> **Stored items**
(* Let $N=2$ with $r_{11}=1$ and $g\in(-2,2)$, $h=\sqrt{1-g^2/4}$. The length of the Finsleroid Indicatrix $\{R:K(g;R)=1\}$, measured with the Finsler metric, i.e. $L=\oint\sqrt{g_{pq}(g;R)\,dR^p\,dR^q}$ taken once around the closed curve, equals $$L=\frac{2\pi}{h}.$$ Consequently $L\ge 2\pi$, with $L=2\pi$ if and only if $g=0$, and $L\to\infty$ as $|g|\to2$.
   Context: Here $V_2=\mathbb{R}^2$ with points $R=(R^1,R^2)$, $Z=R^2$, $q(R)=|R^1|$; $G=g/h$. Define $B(g;R)=Z^2+gqZ+q^2$, $A(g;R)=Z+\frac12 gq$, $\Phi(g;R)=\arctan\big(A/(hq)\big)$ if $q>0$, $\Phi=\pi/2$ if $q=0,Z>0$, $\Phi=-\pi/2$ if $q=0,Z<0$; $J(g;R)=e^{\frac12 G\Phi}$ and the Finsleroid metric function $K(g;R)=\sqrt{B(g;R)}\,J(g;R)$ ($K(g;0)=0$). The Finsler metric tensor is $g_{pq}(g;R)=\frac12\,\partial^2K^2/\partial R^p\partial R^q$. *)

From Stdlib Require Import Reals Lra.
From Coquelicot Require Import Coquelicot.
Open Scope R_scope.

(* N = 2, r_11 = 1.  A point R = (R^1, R^2) is written as two reals x, y. *)

Definition hF (g : R) : R := sqrt (1 - g ^ 2 / 4).
Definition GF (g : R) : R := g / hF g.

(* Z = R^2, q(R) = |R^1| *)
Definition qF (x : R) : R := Rabs x.

Definition BF (g x y : R) : R := y ^ 2 + g * qF x * y + (qF x) ^ 2.
Definition AF (g x y : R) : R := y + / 2 * g * qF x.

(* Phi; the case q = 0, Z = 0 (the origin) is irrelevant since K(g;0)=0. *)
Definition PhiF (g x y : R) : R :=
  if Rlt_dec 0 (qF x) then atan (AF g x y / (hF g * qF x))
  else if Rlt_dec 0 y then PI / 2 else - (PI / 2).

Definition JF (g x y : R) : R := exp (/ 2 * GF g * PhiF g x y).

Definition KF (g x y : R) : R :=
  if Req_EM_T x 0 then (if Req_EM_T y 0 then 0 else sqrt (BF g x y) * JF g x y)
  else sqrt (BF g x y) * JF g x y.

Definition K2F (g x y : R) : R := (KF g x y) ^ 2.

Definition partial (p : nat) (f : R -> R -> R) (x y : R) : R :=
  match p with
  | 1%nat => Derive (fun t => f t y) x
  | _ => Derive (fun t => f x t) y
  end.

Definition gmet (g : R) (p q : nat) (x y : R) : R :=
  / 2 * partial p (partial q (K2F g)) x y.

Definition gquad (g x y v1 v2 : R) : R :=
  gmet g 1 1 x y * v1 * v1 + gmet g 1 2 x y * v1 * v2
  + gmet g 2 1 x y * v2 * v1 + gmet g 2 2 x y * v2 * v2.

> **Exercise**
Show a copy of each line from the records above in which the string "Require" occurs.

> **Final answer**
From Stdlib Require Import Reals Lra.
From Coquelicot Require Import Coquelicot.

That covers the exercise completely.